# DATASET RECORDS

Lemma mod_state_eq m R u v : 0 <= R -> 2 * R < m ->
  mod_state m R u = mod_state m R v ->
  u = v \/ [/\ R < gnorm2 u, R < gnorm2 v & congruent_mod m u v].
Proof.
move=> R_ge0 lt_Rm eq_state.
move: (congr1 fst eq_state) (congr1 snd eq_state) => /= res_eq small_eq.
have m_gt0 : 0 < m by lia.
have uv := (gresidue_eq u v m_gt0).1 res_eq.
case: (leP (gnorm2 u) R) small_eq => [u_le /esym v_le | u_gt /esym /negbT].
  by left; apply: congruent_mod_small lt_Rm u_le v_le uv.
by rewrite -ltNge => v_gt; right; split; last exact: uv.
Qed.

Lemma mod_state_affine m R b d u v :
  1 < gnorm2 b -> 0 <= R -> 6 * gnorm2 d <= R -> 2 * R < m ->
  mod_state m R u = mod_state m R v ->
  mod_state m R (gadd d (gmul b u)) = mod_state m R (gadd d (gmul b v)).
Proof.
move=> b_gt1 R_ge0 d_le lt_Rm.
case/mod_state_eq=> // [-> // | [u_gt v_gt uv]].
have m_gt0 : 0 < m by lia.
congr pair; first exact/gresidue_eq/congruent_mod_affine.
by rewrite !leNgt !gnorm2_affine_gt.
Qed.

(* Choice picks a representative value for each state, so the transitions
   need not be computed explicitly. *)
Lemma automatic_of_congruence beta D (A S : finType) (a : gint -> A)
    (f : gint -> S) :
  (forall u v, f u = f v -> a u = a v) ->
  (forall d u v, d \in D -> f u = f v ->
     f (gadd d (gmul beta u)) = f (gadd d (gmul beta v))) ->
  automatic beta D a.
Proof.
move=> f_out f_step.
pose g s := ClassicalEpsilon.epsilon (inhabits gzero) (fun v => f v = s).
have fgK v : f (g (f v)) = f v.
  apply: (ClassicalEpsilon.epsilon_spec (inhabits gzero) (fun u => f u = f v)).
  by exists v.
pose delta s d := f (gadd d (gmul beta (g s))).
have run w : is_word D w -> foldl delta (f gzero) w = f (word_value beta w).
  elim/last_ind: w => [//|w d IH]; rewrite /is_word all_rcons => /andP [dD wD].
  rewrite foldl_rcons IH // /word_value rev_rcons /=.
  exact: f_step dD (fgK _).
exists S, delta, (f gzero), (fun s => a (g s)) => w wD.
by rewrite run //; apply: f_out; rewrite fgK.
Qed.

Theorem lemma5p1 (beta : gint) (D : seq gint) :
  1 < gnorm2 beta -> integral_numeration beta D ->
  forall (A : finType) (a : gint -> A),
    eventually_periodic a -> automatic beta D a.
Proof.
move=> beta_gt1 _ A a /eventually_periodic_congr [c [N [N_gt0 a_congr]]].
pose R := 2 * (c * c) + 6 * seq_bound D gnorm2.
have bound_ge0 : 0 <= seq_bound D gnorm2 by rewrite /seq_bound.
have R_ge0 : 0 <= R by rewrite /R; nia.
pose m := N * (2 * R + 1).
have lt_Rm : 2 * R < m by rewrite /m; nia.
apply: (automatic_of_congruence (f := mod_state m R)) => [u v | d u v dD].
  case/mod_state_eq=> // [-> // | [u_gt v_gt /congruent_mod_mulr uv]].
  by apply: a_congr uv; apply: outside_gnorm2; rewrite /R in u_gt v_gt; lia.
apply: mod_state_affine => //.
by have := seq_bound_ge gnorm2 dD; have := gnorm2_ge0 d; rewrite /R; nia.
Qed.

# REQUIRED WORK
Give again, exactly as written, the lines running from the first line of the data above through the line that contains "have uv := (gresidue_eq u v m_gt0).1 res_eq.".

# EXERCISE RESULT
Lemma mod_state_eq m R u v : 0 <= R -> 2 * R < m ->
  mod_state m R u = mod_state m R v ->
  u = v \/ [/\ R < gnorm2 u, R < gnorm2 v & congruent_mod m u v].
Proof.
move=> R_ge0 lt_Rm eq_state.
move: (congr1 fst eq_state) (congr1 snd eq_state) => /= res_eq small_eq.
have m_gt0 : 0 < m by lia.
have uv := (gresidue_eq u v m_gt0).1 res_eq.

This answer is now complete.